Lemma intT2_dx f : Cinf_T2 f -> intT2 (dx f) = 0.
Proof.
move=> [sf pf]; rewrite /intT2.
pose K x := RInt (fun y => f (x, y)) 0 1.
have dK x : is_derive K x (RInt (fun y => dx f (x, y)) 0 1).
  apply: (is_derive_RInt_param (fun u t => f (u, t))).
  - by apply: filter_forall => u t _; apply: (smooth2_ex_derive_x sf (u, t)).
  - move=> t _; apply: (continuity_2d_pt_ext (fun u v => dx f (u, v))) => //.
    exact/continuous2_continuity_2d_pt/smooth2_continuous/smooth2_dx.
  - by apply: filter_forall => u; apply/ex_RInt_slice_snd/smooth2_continuous.
rewrite (RInt_ext _ (Derive K)) => [|x _]; last by symmetry; apply: is_derive_unique.
rewrite RInt_Derive => [|x _|x _]; last first.
- apply: (continuous_ext (fun x => RInt (fun y => dx f (x, y)) 0 1)).
    by move=> t; symmetry; apply: is_derive_unique.
  exact/continuous_RInt_param/smooth2_continuous/smooth2_dx.
- by exists (RInt (fun y => dx f (x, y)) 0 1).
rewrite /K (RInt_ext (fun y => f (1, y)) (fun y => f (0, y))) ?Rminus_diag // => y _.
by rewrite -{1}(Rplus_0_l 1); case: (pf 0 y).
Qed.

Lemma F_sol_rot_grad f : Cinf_T2 f -> F_sol (fun z => - dy f z) (dx f).
Proof.
move=> hf; have [sf pf] := hf.
split; last split; last split; last split.
- by split; [apply/smooth2_opp/smooth2_dy | apply/periodic2_opp/periodic2_dy].
- by split; [apply: smooth2_dx | apply: periodic2_dx].
- by move=> z; rewrite {1}/dx Derive_opp -[Derive _ _]/(dx (dy f) z) dx_dy //; ring.
- have -> : (fun z => - dy f z) = (fun z => -1 * dy f z + 0 * dy f z).
    by apply: functional_extensionality => z; ring.
  have cdy : continuous2 (dy f) by apply/smooth2_continuous/smooth2_dy.
  have cs c : continuous2 (fun z => c * dy f z).
    by apply: continuous2_mult => //; apply: continuous2_const.
  by rewrite intT2_plus ?intT2_scal ?intT2_dy //; ring.
- exact: intT2_dx.
Qed.

Lemma continuous2_of_partial_x (h a : R * R -> R) :
  (forall x y, is_derive (fun t => h (t, y)) x (a (x, y))) -> continuous2 a ->
  (forall x y, continuous (fun t => h (x, t)) y) -> continuous2 h.
Proof.
move=> dh ca ch [x0 y0]; apply: continuity_2d_pt_continuous => eps.
have [d1 hd1] := continuous2_continuity_2d_pt (ca (x0, y0)) (mkposreal 1 Rlt_0_1).
have heps2 : 0 < eps / 2 by have := cond_pos eps; lra.
have /continuity_pt_filterlim/continuity_pt_locally/(_ (mkposreal _ heps2)) [d2 hd2] :=
  ch x0 y0.
pose M := Rabs (a (x0, y0)) + 1.
have hM : 0 < M by have := Rabs_pos (a (x0, y0)); rewrite /M; lra.
have heps3 : 0 < eps / (2 * M) by apply: Rdiv_lt_0_compat; have := cond_pos eps; lra.
pose d := Rmin d1 (Rmin d2 (eps / (2 * M))).
have hd1d : d <= d1 by apply: Rmin_l.
have hd2d : d <= d2 by apply: (Rle_trans _ _ _ (Rmin_r _ _)); apply: Rmin_l.
have hd3d : d <= eps / (2 * M) by apply: (Rle_trans _ _ _ (Rmin_r _ _)); apply: Rmin_r.
have hd : 0 < d.
  by apply: Rmin_pos; [apply: cond_pos | apply: Rmin_pos; [apply: cond_pos | lra]].
exists (mkposreal d hd) => u v /= hu hv.
have [|c [hc hmvt]] :=
  MVT_gen (fun t => h (t, v)) x0 u (fun t => a (t, v)) (fun t _ => dh t v).
  by move=> t _; apply/continuity_pt_filterlim/ex_derive_continuous; exists (a (t, v)).
have hcx : Rabs (c - x0) <= Rabs (u - x0).
  by apply: Rabs_le_between_min_max; rewrite Rmin_comm Rmax_comm.
have hac : Rabs (a (c, v)) <= M.
  have := Rabs_triang_inv (a (c, v)) (a (x0, y0)).
  have : Rabs (a (c, v) - a (x0, y0)) < 1 by apply: hd1; lra.
  by rewrite /M; lra.
have hx : Rabs (h (u, v) - h (x0, v)) < eps / 2.
  rewrite hmvt Rabs_mult; apply: (Rle_lt_trans _ (M * Rabs (u - x0))).
    by apply: Rmult_le_compat_r => //; apply: Rabs_pos.
  apply: (Rlt_le_trans _ (M * (eps / (2 * M)))); first by apply: Rmult_lt_compat_l; lra.
  by right; field; lra.
have hy : Rabs (h (x0, v) - h (x0, y0)) < eps / 2.
  by apply: hd2; change (Rabs (v - y0) < d2); lra.
rewrite (_ : h (u, v) - h (x0, y0) = (h (u, v) - h (x0, v)) + (h (x0, v) - h (x0, y0)));
  last ring.
by have := Rabs_triang (h (u, v) - h (x0, v)) (h (x0, v) - h (x0, y0)); lra.
Qed.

TRY IT ::
From the listing above, the lines starting with the one that has "have hd3d : d" and running through the one that has "rewrite hmvt Rabs_mult;" should be copied exactly, ends included.

EXERCISE RESPONSE ::
have hd3d : d <= eps / (2 * M) by apply: (Rle_trans _ _ _ (Rmin_r _ _)); apply: Rmin_r.
have hd : 0 < d.
  by apply: Rmin_pos; [apply: cond_pos | apply: Rmin_pos; [apply: cond_pos | lra]].
exists (mkposreal d hd) => u v /= hu hv.
have [|c [hc hmvt]] :=
  MVT_gen (fun t => h (t, v)) x0 u (fun t => a (t, v)) (fun t _ => dh t v).
  by move=> t _; apply/continuity_pt_filterlim/ex_derive_continuous; exists (a (t, v)).
have hcx : Rabs (c - x0) <= Rabs (u - x0).
  by apply: Rabs_le_between_min_max; rewrite Rmin_comm Rmax_comm.
have hac : Rabs (a (c, v)) <= M.
  have := Rabs_triang_inv (a (c, v)) (a (x0, y0)).
  have : Rabs (a (c, v) - a (x0, y0)) < 1 by apply: hd1; lra.
  by rewrite /M; lra.
have hx : Rabs (h (u, v) - h (x0, v)) < eps / 2.
  rewrite hmvt Rabs_mult; apply: (Rle_lt_trans _ (M * Rabs (u - x0))).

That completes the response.